Bratislava’s cobblestone paths and paved sidewalks are now slick with snow and ice. While several cafes and restaurants have shuttered since last summer, several others have renovated, with several newcomers opening up. So many are now laptop-friendly; over the past three years, I’ve certainly done my part, every day, to promote this 21st-century lifestyle.

Other things haven’t changed. The typical Slovak waiter or waitress stares at you stone-faced, asking in Slovak what you want. But the off-putting expression quickly melts into a smile upon hearing you utter a few words in their mother tongue. After all, from a country of five million, only four million are ethnic Slovak.

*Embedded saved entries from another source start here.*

Definition is_base P p x : Prop :=
  KP P x /\ char_cone P (p - x) /\
  forall y, KP P y -> char_cone P (p - y) -> enorm (p - x) <= enorm (p - y).

(* base_P(p): the (unique, for pointed P) such point, chosen classically *)
Definition base P p : 'cV[R]_n := xget 0 [set x | is_base P p x].

End Polyhedra.

From HB Require Import structures.
From mathcomp Require Import all_boot all_order all_algebra.
From mathcomp Require Import all_classical all_reals all_analysis.
From mathcomp Require Import ring lra.
Import Order.TTheory GRing.Theory Num.Theory.
Import numFieldNormedType.Exports.
Local Open Scope ring_scope.
Local Open Scope classical_set_scope.

(* A vertex is determined by its set of tight constraints,
   so K_P is the convex hull of finitely many points, hence compact and convex.
   Pointedness gives P = K_P + char.cone(P), so the feasible set
   F(p) = {x in K_P | p - x in char.cone(P)} is nonempty, compact and convex, and
   base_P(p) is the unique point of F(p) nearest to p. Continuity is a maximum-theorem
   argument: F has closed graph with values in the compact K_P, and it is lower
   semicontinuous because from p one can move a fixed distance towards any point of P.
   Hence every cluster point of base_P(q) as q -> p lies in F(p) and is at least as
   close to p as base_P(p), so it is base_P(p). *)

Lemma mx_norm_ge_entry (R : realType) p q (x : 'M[R]_(p, q)) i j : `|x i j| <= `|x|.
Proof.
change (`|x i j| <= mx_norm x); rewrite mx_normrE.
exact: (le_bigmax _ (fun ij : 'I_p * 'I_q => `|x ij.1 ij.2|) (i, j)).
Qed.
Lemma FAI_le_deg n (h : bfun n.+1) : h != bf_zero n.+1 -> ole (FAI h) (Some (deg h + 2)).
Proof.
move=> /restr_neq [b]; rewrite restr_zero => hb_neq0.
have hg : bf_mul h (on_last b (bf_one n)) = on_last b (restr h b).
  by rewrite mul_on_last bf_mulr1.
apply: ole_leq_trans (FAI_le _ (on_last_neq1 b (bf_one n))) _.
  by rewrite hg on_last_eq0.
have := deg_on_last b (bf_one n); have := deg_on_last b (restr h b).
by rewrite hg deg_one; have := deg_restr h b; lia.
Qed.

Lemma FAI_le_restr n (F : bfun n.+1) b : ole (FAI F) (oadd 2 (FAI (restr F b))).
Proof.
case FAI_Fb: (FAI (restr F b)) => [c|] //=; last by case: (FAI F).
have [g /andP [Fg_neq0 g_neq1] ->] := FAI_witness FAI_Fb.
have FG := mul_on_last F b g.
apply: ole_leq_trans (FAI_le _ (on_last_neq1 b g)) _; first by rewrite FG on_last_eq0.
by rewrite FG; have := deg_on_last b g; have := deg_on_last b (bf_mul (restr F b) g); lia.
Qed.

Lemma FAI_restr_le_mul n (F G : bfun n.+1) b :
    restr (bf_mul F G) b != bf_zero n -> restr G b != bf_one n ->
  ole (FAI (restr F b)) (Some (deg G + deg (bf_mul F G))).
Proof.
rewrite restr_mul => FGb_neq0 Gb_neq1.
apply: ole_leq_trans (FAI_le FGb_neq0 Gb_neq1) _.
by rewrite -restr_mul leq_add ?deg_restr.
Qed.

Lemma FAI_restr_le_degenerate n (F G : bfun n.+2) b :
    restr (bf_mul F G) b != bf_zero n.+1 -> restr (bf_mul F G) (~~ b) = bf_zero n.+1 ->
    restr G b = bf_one n.+1 -> G != bf_one n.+2 ->
  ole (FAI (restr F b)) (Some (deg G + deg (bf_mul F G))).
Proof.
move=> FGb_neq0 FGnb_eq0 Gb_eq1 G_neq1.
have FGb : restr (bf_mul F G) b = restr F b by rewrite restr_mul Gb_eq1 bf_mulr1.
have dlast_FG : dlast (bf_mul F G) = restr F b by rewrite (dlastE _ b) FGnb_eq0 bf_addr0.
have deg_FG : deg (restr F b) < deg (bf_mul F G).
  by rewrite -dlast_FG deg_dlast // dlast_FG -FGb.
have deg_G : 0 < deg G.
  apply: leq_ltn_trans (deg_dlast _); rewrite ?(dlastE _ b) ?bf_add_eq0 // Gb_eq1 eq_sym.
  by rewrite -(restr_one n.+1 (~~ b)) restr_neq_negb ?restr_one.
apply: ole_leq_trans (FAI_le_deg _) _; first by rewrite -FGb.
lia.
Qed.

Lemma FAI_restr_le n (F : bfun n.+2) :
  ole (omin (FAI (restr F false)) (FAI (restr F true))) (FAI F).
Proof.
case FAI_F: (FAI F) => [c|]; last by case: (omin _ _).
have [G /andP [FG_neq0 G_neq1] ->] := FAI_witness FAI_F.
suff [b le_b] : exists b, ole (FAI (restr F b)) (Some (deg G + deg (bf_mul F G))).
  by case: b le_b => [/ole_ominr | /ole_ominl].
have [b] := restr_neq FG_neq0; rewrite restr_zero => FGb_neq0.
have [Gb_eq1 | Gb_neq1] := eqVneq (restr G b) (bf_one _); last first.
  by exists b; apply: FAI_restr_le_mul.
have [FGnb_eq0 | FGnb_neq0] := eqVneq (restr (bf_mul F G) (~~ b)) (bf_zero _).
  by exists b; apply: FAI_restr_le_degenerate.
exists (~~ b); apply: FAI_restr_le_mul => //.
by rewrite -(restr_one n.+1 (~~ b)) restr_neq_negb ?restr_one.
Qed.

Lemma extendE n (f : bfun n) (x : vec n.+1) : extend f x = xorb (x ord_max) (f (low x)).
Proof. by rewrite ffunE. Qed.

Lemma restr_extend n (f : bfun n) b :
  restr (extend f) b = if b then bf_add (bf_one n) f else f.
Proof. by apply/ffunP => y; rewrite ffunE extendE join_last low_join; case: b; rewrite ?ffunE. Qed.

Theorem corollary3 (m : nat) (hm : 0 < m) (f : bfun m) :
  ole (FAIcal f) (FAIcal (extend f)) &&
  ole (FAIcal (extend f)) (oadd 2 (FAIcal f)).
Proof.
case: m hm f => [//|n] _ f; set F := extend f; set F' := bf_add (bf_one _) F.
have F0 : restr F false = f by rewrite restr_extend.
have F1 : restr F true = bf_add (bf_one _) f by rewrite restr_extend.
have F'0 : restr F' false = bf_add (bf_one _) f by rewrite restr_add restr_one F0.
have F'1 : restr F' true = f by rewrite restr_add restr_one F1 bf_add1K.
rewrite /FAIcal; apply/andP; split.
  apply: ole_omin; first by have := FAI_restr_le F; rewrite F0 F1.
  by rewrite ominC; have := FAI_restr_le F'; rewrite F'0 F'1.
rewrite oadd_omin; apply: ole_omin2.
  by have := FAI_le_restr F false; rewrite F0.
by have := FAI_le_restr F' false; rewrite F'0.
Qed.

Like the Cantonese-speaking Chinese, who are taken aback that any gwailo – or “ghost man” – would ever try to decipher their language, Slovaks seem surprised that any foreigner would even choose to live here: one of the European Union’s smallest capitals, overlooked because of neighboring Vienna, Prague and Budapest. To then flatter them with a stab at their language, well, that’s much appreciated by the natives. Just as it was when I left, not a day goes by that I don’t elicit a smile or two through my tortured Slovak.